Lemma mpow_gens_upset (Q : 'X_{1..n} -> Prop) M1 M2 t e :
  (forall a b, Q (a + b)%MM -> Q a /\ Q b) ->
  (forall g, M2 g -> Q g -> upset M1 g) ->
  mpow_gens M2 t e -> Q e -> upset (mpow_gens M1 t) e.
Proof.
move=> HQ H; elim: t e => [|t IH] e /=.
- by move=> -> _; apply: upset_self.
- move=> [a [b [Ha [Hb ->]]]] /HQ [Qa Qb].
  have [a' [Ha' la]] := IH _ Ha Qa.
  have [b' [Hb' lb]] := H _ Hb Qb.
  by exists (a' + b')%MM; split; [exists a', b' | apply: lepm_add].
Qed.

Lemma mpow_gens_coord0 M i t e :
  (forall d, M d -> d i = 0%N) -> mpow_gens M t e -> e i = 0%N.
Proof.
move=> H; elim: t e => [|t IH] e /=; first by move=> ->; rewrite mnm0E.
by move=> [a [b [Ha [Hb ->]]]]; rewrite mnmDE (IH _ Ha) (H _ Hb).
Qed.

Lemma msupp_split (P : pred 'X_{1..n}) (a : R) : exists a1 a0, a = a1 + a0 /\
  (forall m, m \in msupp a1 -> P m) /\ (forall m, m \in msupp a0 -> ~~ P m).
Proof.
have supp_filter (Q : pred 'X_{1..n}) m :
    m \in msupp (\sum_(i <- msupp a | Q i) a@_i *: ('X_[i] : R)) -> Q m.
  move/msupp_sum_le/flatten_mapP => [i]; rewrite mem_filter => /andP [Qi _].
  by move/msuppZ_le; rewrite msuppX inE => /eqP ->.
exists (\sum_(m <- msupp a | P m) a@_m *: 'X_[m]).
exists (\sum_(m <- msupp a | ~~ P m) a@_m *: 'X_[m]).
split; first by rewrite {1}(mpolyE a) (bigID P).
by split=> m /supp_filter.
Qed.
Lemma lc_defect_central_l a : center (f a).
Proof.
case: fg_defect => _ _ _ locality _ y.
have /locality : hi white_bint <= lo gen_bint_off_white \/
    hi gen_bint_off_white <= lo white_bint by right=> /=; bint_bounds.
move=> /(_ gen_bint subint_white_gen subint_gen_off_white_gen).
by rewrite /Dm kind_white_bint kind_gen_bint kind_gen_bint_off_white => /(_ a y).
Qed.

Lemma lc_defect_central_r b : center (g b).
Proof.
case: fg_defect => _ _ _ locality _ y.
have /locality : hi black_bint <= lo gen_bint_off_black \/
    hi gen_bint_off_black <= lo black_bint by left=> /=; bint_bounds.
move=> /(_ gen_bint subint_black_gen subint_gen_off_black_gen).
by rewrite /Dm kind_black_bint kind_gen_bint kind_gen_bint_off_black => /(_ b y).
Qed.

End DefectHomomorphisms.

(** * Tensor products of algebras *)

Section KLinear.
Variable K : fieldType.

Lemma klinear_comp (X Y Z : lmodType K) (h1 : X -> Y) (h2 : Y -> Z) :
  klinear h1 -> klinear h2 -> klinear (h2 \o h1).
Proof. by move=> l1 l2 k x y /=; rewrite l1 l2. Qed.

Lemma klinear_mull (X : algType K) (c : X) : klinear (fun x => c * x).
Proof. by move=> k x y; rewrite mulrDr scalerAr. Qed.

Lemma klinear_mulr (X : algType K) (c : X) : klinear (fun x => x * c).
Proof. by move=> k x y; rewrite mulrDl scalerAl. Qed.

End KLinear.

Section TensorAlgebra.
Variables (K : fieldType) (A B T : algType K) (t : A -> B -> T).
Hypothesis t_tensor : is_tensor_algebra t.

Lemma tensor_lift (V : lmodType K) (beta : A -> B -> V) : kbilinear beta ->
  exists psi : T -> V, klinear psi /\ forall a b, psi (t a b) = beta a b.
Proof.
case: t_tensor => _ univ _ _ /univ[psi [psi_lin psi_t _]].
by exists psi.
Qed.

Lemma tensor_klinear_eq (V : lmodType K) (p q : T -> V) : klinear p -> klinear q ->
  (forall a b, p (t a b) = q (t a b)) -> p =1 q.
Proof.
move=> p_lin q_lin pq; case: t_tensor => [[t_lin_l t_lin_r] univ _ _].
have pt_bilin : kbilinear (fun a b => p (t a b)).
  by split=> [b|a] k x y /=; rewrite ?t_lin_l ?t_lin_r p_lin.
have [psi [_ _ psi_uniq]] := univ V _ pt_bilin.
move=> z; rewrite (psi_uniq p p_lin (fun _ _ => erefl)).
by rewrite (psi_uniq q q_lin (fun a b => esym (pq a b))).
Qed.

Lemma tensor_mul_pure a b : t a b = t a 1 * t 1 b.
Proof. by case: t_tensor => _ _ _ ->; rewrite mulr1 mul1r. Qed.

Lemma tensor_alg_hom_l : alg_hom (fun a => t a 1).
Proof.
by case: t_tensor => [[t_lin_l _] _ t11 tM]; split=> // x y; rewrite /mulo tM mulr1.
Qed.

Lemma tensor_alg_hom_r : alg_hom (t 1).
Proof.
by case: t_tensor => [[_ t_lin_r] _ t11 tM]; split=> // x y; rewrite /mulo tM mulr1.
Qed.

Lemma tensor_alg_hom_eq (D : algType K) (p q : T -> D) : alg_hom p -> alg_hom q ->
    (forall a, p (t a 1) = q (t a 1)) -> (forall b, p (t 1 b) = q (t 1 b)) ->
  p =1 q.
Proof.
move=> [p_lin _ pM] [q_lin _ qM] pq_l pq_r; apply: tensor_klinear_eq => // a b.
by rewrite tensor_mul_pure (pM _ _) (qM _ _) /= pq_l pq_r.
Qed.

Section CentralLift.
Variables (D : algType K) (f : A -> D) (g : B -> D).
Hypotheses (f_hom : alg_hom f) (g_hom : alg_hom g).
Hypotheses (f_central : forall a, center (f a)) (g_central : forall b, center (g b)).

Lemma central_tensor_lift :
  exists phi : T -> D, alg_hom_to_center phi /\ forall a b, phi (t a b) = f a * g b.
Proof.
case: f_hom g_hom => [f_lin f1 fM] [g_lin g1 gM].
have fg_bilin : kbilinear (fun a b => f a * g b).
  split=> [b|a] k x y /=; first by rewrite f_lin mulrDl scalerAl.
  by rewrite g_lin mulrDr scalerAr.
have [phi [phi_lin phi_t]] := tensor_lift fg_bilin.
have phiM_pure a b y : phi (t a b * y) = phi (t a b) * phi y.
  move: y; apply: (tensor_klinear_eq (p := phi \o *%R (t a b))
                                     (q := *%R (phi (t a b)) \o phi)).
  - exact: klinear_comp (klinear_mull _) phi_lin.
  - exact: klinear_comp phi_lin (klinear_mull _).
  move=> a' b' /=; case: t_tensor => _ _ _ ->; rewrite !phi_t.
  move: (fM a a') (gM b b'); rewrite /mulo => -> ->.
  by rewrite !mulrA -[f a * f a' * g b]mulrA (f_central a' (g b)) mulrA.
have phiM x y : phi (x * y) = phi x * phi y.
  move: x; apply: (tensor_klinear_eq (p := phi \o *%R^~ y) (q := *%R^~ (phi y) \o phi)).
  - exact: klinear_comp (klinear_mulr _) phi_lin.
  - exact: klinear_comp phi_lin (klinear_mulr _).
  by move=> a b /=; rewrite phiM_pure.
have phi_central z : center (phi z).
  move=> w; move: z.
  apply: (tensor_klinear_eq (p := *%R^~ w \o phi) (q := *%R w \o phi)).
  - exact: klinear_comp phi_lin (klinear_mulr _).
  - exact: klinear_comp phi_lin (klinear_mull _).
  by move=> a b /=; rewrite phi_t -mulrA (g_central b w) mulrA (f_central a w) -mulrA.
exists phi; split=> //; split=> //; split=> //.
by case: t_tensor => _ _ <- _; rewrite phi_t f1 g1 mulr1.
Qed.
^^^^^^^^
ABOUT THIS EXERCISE: Whenever a line of the material above contains the string "beta", copy that line out.

SOLUTION:
Lemma tensor_lift (V : lmodType K) (beta : A -> B -> V) : kbilinear beta ->
  exists psi : T -> V, klinear psi /\ forall a b, psi (t a b) = beta a b.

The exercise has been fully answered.